- _Problem details_:
Give back exactly the stretch of data below from the line holding "by case/andP: b12 => b1 _; lra." through the line holding "by have := integrableZl mA lam iX.", both ends included, and leave the remaining lines out.

- _Dataset entries_:
● ● ● ●

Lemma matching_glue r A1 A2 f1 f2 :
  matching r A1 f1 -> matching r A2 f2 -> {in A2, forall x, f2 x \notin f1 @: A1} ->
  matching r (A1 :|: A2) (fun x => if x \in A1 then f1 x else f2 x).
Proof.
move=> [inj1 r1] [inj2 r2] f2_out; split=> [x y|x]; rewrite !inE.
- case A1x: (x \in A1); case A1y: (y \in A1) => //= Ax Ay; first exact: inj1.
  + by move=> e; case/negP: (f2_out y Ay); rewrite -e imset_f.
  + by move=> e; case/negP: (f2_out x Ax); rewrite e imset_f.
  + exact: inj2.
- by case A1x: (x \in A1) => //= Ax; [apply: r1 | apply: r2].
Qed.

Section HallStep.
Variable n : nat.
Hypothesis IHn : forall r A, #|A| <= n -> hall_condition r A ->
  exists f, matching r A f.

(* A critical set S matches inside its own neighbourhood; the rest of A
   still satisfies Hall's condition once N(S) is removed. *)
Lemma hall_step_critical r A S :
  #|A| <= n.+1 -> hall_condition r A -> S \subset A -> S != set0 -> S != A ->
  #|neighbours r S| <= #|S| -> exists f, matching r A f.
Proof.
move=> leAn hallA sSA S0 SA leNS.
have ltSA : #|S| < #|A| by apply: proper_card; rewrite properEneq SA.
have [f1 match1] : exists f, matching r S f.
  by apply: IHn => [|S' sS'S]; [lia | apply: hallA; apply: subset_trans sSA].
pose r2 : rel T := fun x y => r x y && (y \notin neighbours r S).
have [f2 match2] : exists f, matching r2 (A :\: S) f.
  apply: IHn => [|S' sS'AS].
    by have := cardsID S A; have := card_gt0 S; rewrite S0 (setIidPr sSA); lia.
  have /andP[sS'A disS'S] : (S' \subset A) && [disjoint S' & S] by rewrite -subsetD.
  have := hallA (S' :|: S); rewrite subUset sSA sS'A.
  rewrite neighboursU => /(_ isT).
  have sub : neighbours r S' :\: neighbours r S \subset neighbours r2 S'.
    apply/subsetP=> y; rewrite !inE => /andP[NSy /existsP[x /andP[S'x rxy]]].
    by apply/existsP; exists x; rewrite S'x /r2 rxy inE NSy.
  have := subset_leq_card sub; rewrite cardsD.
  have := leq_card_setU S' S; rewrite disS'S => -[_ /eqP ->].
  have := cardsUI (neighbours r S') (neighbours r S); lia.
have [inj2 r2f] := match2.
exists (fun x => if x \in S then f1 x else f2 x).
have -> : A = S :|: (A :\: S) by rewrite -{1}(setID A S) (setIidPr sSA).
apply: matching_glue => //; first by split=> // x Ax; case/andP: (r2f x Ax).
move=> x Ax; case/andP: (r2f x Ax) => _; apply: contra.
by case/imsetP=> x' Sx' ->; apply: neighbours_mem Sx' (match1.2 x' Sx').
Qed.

● ● ● ●

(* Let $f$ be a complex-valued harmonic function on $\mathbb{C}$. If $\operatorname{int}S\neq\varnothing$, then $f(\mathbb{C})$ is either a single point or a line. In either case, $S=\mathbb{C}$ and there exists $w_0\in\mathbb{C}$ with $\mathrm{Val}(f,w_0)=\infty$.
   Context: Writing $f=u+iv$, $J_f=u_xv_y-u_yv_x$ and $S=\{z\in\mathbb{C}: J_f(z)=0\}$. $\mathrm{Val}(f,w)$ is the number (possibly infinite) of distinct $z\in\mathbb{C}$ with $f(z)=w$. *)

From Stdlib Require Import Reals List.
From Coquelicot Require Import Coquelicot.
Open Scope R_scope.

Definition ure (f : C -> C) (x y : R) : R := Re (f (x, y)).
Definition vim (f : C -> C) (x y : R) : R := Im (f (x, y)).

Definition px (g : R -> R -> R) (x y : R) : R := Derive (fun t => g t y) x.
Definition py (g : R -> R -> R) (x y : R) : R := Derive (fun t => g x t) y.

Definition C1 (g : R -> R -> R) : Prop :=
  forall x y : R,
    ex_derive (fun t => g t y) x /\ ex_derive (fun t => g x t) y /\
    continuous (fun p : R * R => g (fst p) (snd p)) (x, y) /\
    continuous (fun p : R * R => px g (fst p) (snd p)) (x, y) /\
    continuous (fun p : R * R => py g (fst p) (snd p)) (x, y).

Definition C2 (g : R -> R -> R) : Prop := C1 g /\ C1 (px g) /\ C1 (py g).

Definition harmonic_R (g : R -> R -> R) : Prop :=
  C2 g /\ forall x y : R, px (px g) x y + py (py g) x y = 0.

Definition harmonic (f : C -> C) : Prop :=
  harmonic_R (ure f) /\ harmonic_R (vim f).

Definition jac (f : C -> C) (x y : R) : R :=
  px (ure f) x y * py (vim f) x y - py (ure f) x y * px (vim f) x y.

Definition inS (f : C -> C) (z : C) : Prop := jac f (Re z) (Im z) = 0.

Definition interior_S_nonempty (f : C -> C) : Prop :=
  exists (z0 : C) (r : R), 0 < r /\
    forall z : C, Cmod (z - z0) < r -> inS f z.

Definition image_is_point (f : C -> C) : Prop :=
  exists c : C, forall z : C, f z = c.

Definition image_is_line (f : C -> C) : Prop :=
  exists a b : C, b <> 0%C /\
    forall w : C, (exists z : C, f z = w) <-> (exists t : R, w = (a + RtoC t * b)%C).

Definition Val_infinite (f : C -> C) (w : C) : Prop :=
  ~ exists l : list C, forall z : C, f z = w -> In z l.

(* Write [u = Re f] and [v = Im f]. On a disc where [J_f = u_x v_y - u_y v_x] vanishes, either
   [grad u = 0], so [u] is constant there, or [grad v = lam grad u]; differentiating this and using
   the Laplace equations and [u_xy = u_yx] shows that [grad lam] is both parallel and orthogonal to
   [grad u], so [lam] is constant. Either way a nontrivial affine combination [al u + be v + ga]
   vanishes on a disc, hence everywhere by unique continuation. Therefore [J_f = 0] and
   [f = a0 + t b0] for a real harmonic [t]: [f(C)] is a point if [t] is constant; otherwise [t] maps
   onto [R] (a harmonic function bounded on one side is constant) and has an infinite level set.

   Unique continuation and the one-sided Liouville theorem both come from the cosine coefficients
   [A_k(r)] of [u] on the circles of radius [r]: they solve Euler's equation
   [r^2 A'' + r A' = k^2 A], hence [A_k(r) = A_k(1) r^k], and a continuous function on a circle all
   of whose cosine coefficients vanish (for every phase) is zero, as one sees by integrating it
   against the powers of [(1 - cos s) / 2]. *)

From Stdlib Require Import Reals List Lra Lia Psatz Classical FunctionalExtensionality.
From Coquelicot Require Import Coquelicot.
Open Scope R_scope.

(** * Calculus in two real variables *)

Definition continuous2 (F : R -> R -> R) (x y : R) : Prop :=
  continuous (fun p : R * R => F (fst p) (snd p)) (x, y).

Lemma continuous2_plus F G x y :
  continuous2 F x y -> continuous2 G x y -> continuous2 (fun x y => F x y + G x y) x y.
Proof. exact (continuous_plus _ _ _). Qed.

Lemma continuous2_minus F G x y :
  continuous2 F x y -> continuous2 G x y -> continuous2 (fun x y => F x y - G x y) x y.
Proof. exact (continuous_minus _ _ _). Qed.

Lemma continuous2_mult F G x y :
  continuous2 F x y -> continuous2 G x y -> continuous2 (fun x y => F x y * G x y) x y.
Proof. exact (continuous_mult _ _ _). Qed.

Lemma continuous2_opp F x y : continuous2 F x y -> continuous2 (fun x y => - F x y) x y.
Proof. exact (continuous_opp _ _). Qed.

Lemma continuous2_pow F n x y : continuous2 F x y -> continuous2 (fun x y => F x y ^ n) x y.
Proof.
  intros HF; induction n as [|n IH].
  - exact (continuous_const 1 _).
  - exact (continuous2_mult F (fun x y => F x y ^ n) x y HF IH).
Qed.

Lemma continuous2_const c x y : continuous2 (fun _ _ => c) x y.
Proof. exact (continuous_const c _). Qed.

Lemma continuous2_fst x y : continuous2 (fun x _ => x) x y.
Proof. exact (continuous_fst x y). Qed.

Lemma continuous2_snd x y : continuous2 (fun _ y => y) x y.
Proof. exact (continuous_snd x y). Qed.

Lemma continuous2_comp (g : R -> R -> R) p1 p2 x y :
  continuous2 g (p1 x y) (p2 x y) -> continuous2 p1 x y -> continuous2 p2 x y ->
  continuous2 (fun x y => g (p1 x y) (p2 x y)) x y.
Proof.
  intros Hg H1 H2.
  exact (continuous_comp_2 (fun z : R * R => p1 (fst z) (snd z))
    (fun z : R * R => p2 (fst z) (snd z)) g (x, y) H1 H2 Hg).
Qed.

● ● ● ●

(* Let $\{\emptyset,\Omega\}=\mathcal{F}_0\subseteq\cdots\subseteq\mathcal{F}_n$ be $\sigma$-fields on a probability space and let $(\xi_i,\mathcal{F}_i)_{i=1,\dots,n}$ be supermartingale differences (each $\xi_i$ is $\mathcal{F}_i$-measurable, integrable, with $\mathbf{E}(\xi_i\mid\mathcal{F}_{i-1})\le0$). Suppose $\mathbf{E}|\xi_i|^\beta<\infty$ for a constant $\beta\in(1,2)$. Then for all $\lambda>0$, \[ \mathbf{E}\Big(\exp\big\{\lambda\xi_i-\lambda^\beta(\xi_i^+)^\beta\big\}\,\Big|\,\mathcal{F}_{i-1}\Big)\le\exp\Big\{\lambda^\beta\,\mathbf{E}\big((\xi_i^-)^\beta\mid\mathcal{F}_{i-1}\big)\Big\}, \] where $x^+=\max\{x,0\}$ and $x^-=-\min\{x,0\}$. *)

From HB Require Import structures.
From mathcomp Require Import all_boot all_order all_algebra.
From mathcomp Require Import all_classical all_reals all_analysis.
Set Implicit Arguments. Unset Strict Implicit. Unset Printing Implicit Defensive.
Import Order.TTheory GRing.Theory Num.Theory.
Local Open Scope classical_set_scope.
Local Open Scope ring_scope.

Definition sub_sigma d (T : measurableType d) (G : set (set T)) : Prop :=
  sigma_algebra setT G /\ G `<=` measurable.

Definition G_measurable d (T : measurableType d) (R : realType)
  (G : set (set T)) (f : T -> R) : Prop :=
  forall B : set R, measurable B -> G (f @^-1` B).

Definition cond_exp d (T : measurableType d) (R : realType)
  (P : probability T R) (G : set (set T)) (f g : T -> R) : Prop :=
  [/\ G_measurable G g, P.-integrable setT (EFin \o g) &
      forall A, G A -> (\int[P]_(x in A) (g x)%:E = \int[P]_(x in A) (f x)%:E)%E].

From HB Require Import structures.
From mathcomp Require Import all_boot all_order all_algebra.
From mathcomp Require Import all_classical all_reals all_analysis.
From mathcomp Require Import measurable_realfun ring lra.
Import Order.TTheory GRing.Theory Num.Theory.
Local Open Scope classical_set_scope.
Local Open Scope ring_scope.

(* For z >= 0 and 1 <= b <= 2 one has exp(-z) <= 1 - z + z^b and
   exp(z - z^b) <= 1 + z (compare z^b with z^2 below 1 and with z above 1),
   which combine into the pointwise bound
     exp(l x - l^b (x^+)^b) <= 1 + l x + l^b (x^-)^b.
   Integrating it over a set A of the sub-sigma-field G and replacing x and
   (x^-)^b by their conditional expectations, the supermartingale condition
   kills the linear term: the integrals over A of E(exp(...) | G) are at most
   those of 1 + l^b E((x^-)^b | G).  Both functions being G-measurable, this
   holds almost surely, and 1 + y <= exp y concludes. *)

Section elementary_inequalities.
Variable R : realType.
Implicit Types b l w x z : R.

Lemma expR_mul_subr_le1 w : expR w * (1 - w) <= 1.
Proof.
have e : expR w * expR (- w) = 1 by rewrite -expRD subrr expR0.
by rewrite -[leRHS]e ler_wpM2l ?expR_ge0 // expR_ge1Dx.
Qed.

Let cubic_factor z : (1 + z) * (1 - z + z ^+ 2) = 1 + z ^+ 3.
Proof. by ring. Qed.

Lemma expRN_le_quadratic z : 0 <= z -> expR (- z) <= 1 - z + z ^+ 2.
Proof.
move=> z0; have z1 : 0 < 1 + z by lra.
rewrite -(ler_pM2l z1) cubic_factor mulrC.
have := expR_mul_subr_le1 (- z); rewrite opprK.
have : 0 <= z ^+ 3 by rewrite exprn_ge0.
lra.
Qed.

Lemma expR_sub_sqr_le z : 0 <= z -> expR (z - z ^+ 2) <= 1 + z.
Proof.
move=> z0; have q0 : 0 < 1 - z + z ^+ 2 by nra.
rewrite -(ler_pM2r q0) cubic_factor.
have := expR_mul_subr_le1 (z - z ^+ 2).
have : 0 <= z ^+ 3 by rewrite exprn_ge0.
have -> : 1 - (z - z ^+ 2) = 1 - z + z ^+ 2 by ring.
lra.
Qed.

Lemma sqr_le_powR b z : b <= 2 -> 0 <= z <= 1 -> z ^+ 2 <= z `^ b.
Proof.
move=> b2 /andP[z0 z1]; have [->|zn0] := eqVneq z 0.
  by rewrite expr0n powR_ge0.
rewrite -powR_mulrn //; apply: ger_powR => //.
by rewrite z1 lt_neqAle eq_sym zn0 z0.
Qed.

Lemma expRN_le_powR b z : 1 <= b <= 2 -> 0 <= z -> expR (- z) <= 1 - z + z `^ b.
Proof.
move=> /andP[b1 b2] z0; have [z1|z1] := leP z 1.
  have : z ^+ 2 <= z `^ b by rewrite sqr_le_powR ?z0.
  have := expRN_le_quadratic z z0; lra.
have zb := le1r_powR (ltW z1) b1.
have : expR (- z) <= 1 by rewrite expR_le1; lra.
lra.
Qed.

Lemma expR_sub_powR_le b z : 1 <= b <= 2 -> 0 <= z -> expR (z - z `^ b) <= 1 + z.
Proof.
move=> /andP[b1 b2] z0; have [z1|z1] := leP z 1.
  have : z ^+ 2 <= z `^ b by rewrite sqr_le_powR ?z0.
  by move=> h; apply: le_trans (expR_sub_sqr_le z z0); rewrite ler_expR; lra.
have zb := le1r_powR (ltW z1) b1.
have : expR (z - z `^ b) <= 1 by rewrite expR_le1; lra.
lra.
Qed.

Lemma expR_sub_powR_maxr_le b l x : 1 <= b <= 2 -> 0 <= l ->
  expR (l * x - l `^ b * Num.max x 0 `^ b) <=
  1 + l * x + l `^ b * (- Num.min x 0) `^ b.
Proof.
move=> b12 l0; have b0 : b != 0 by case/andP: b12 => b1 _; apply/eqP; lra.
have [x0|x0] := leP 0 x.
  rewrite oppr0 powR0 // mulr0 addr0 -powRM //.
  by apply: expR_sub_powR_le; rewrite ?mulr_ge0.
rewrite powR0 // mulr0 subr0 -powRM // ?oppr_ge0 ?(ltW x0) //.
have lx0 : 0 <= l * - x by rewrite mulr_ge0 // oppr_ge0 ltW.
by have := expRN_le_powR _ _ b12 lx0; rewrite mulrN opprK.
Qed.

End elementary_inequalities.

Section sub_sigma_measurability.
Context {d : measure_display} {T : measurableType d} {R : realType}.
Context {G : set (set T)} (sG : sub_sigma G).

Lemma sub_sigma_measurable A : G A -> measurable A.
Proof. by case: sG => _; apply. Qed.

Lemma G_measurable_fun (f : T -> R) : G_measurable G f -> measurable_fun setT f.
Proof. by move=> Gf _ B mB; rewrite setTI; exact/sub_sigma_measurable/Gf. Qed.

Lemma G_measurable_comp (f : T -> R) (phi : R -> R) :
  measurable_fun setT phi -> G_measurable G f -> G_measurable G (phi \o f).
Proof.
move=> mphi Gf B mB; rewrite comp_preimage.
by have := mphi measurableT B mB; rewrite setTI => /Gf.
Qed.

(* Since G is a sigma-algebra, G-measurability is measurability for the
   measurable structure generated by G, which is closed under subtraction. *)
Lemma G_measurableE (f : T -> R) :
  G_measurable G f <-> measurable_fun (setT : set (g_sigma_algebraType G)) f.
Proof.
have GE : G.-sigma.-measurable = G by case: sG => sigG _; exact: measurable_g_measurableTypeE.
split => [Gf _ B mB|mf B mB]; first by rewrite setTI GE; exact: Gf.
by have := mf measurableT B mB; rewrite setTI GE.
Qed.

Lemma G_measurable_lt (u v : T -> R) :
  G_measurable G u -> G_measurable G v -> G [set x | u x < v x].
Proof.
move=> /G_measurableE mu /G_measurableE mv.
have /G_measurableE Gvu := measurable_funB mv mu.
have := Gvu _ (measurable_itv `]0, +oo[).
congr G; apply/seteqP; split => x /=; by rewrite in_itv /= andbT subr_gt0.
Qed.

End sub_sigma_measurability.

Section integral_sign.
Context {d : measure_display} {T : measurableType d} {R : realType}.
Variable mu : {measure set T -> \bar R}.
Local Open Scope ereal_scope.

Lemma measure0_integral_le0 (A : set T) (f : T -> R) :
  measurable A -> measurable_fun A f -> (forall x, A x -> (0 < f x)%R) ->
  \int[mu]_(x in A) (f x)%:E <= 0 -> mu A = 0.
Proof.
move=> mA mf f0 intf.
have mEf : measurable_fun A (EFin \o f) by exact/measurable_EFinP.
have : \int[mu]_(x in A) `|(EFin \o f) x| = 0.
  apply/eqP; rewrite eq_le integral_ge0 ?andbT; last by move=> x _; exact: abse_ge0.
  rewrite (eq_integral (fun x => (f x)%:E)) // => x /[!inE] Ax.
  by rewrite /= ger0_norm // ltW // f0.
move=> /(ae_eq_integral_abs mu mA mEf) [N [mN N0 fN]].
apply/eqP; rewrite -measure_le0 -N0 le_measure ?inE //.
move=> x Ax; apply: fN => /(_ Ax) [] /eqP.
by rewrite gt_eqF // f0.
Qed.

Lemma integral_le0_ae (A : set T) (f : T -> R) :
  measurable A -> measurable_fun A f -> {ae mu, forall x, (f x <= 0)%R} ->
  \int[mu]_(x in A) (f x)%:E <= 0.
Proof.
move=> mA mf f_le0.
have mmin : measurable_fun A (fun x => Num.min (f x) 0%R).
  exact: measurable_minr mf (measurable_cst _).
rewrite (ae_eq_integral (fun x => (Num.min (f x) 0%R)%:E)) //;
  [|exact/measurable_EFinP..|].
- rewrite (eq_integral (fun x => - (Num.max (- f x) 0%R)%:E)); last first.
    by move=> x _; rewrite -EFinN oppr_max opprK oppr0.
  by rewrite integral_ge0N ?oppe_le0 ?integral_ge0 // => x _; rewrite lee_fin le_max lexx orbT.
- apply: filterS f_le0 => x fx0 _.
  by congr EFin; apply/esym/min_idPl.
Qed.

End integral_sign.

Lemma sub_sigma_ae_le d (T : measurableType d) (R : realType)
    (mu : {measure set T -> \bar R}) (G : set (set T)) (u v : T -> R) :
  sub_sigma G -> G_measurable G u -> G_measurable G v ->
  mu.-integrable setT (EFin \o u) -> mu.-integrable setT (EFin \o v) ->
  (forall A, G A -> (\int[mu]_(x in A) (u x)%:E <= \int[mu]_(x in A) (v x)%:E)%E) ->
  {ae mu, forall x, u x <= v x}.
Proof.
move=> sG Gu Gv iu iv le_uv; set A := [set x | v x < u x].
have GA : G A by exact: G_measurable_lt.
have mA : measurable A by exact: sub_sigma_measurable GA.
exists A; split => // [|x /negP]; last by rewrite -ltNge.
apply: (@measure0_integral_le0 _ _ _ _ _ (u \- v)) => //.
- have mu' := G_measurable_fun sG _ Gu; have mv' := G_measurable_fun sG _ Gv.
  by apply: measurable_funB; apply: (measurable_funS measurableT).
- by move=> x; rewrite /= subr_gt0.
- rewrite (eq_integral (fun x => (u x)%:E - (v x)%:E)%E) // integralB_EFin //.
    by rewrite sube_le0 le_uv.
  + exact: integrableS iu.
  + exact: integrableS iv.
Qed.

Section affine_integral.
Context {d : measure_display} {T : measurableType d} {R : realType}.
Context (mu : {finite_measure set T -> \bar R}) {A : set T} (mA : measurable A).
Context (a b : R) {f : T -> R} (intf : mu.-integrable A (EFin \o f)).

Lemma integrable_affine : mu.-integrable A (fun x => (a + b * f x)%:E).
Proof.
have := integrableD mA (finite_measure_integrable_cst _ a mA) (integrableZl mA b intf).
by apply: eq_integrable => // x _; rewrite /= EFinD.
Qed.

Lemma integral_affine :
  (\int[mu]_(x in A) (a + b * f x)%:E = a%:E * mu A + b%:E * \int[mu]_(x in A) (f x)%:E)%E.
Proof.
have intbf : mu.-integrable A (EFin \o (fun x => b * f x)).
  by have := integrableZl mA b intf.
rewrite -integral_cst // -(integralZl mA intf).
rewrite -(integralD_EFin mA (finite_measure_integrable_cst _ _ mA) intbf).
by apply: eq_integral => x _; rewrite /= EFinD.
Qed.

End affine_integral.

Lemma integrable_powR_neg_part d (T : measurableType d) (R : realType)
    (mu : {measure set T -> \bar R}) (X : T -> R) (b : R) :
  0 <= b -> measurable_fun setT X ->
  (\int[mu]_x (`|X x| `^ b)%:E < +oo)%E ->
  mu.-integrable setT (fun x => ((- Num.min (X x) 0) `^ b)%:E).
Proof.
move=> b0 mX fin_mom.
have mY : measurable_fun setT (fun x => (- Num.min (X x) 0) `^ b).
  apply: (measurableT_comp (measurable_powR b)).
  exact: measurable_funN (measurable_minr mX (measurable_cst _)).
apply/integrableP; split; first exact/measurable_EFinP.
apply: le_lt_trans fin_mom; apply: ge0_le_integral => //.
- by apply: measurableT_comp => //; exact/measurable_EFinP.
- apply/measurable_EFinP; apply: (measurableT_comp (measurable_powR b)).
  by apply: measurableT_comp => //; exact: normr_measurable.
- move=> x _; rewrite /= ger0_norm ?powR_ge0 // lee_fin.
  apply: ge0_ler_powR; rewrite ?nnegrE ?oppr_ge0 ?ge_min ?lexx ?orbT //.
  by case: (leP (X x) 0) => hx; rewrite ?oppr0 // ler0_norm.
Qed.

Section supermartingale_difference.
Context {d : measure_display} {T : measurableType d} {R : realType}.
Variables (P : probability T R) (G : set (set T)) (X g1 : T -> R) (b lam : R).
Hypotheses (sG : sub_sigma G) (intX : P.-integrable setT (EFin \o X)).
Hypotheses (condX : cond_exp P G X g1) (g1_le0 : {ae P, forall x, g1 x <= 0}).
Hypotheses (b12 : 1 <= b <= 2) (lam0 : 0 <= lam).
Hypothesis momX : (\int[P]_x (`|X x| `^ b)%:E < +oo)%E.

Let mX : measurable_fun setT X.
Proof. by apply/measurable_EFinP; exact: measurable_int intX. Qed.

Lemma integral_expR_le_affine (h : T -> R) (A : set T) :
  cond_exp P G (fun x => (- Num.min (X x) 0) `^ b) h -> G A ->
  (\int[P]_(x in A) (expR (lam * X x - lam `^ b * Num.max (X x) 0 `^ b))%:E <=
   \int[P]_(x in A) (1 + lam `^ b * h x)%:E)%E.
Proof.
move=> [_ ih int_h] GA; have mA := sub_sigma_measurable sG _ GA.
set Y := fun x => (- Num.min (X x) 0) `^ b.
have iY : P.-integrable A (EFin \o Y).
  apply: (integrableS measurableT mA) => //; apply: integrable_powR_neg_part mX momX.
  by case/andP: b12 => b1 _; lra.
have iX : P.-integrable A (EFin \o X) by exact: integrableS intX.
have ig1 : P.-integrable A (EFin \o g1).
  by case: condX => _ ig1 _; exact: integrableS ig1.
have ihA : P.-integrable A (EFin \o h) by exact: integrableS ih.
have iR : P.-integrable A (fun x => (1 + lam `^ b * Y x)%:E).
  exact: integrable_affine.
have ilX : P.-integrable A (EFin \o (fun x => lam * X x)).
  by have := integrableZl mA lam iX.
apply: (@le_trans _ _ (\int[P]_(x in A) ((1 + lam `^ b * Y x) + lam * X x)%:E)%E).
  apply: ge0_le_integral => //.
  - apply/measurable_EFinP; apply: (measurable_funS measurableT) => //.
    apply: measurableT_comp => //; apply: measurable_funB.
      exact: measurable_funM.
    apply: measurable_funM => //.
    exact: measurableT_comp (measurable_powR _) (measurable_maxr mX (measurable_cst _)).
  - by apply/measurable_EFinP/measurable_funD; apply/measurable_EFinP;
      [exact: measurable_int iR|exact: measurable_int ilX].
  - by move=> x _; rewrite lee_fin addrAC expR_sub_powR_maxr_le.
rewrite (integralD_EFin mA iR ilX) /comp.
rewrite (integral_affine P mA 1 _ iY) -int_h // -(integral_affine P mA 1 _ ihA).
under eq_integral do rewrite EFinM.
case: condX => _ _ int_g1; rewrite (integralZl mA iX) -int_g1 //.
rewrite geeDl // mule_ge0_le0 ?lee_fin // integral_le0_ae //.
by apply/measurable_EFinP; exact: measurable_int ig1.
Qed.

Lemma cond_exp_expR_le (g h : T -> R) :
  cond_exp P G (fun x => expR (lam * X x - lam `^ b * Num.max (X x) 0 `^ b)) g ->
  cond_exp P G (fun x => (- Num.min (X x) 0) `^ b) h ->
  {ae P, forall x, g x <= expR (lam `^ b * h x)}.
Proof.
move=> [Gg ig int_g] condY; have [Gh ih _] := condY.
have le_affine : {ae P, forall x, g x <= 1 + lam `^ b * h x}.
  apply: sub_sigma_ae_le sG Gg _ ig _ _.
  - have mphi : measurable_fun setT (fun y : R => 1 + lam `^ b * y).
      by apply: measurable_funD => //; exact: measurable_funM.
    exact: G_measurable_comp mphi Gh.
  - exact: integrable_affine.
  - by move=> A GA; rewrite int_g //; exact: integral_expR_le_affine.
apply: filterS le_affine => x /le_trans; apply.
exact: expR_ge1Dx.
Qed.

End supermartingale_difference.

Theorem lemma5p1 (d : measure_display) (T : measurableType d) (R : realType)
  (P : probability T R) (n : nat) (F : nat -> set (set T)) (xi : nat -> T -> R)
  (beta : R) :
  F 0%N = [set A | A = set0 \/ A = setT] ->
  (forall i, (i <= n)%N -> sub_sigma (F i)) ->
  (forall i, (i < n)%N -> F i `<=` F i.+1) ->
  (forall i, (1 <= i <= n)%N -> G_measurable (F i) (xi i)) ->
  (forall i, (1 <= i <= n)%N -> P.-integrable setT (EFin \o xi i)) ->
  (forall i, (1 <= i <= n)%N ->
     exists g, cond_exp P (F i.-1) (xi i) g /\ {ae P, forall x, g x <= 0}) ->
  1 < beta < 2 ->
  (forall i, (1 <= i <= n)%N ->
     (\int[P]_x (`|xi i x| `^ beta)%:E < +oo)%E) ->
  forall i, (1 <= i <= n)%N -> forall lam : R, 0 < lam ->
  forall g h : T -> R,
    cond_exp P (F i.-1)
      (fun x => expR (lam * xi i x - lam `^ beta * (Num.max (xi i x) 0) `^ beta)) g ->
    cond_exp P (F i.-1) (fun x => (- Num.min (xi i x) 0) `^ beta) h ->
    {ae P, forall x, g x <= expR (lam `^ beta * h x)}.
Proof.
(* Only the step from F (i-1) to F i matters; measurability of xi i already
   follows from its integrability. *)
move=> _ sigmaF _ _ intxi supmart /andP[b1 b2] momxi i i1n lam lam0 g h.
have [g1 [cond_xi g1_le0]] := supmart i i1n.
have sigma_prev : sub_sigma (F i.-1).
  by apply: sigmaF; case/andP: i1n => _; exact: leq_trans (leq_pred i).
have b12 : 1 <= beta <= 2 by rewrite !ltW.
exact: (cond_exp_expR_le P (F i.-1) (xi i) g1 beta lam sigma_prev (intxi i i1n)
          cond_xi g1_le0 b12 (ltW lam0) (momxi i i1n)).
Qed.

● ● ● ●

- _Finished exercise_:
  by case/andP: b12 => b1 _; lra.
have iX : P.-integrable A (EFin \o X) by exact: integrableS intX.
have ig1 : P.-integrable A (EFin \o g1).
  by case: condX => _ ig1 _; exact: integrableS ig1.
have ihA : P.-integrable A (EFin \o h) by exact: integrableS ih.
have iR : P.-integrable A (fun x => (1 + lam `^ b * Y x)%:E).
  exact: integrable_affine.
have ilX : P.-integrable A (EFin \o (fun x => lam * X x)).
  by have := integrableZl mA lam iX.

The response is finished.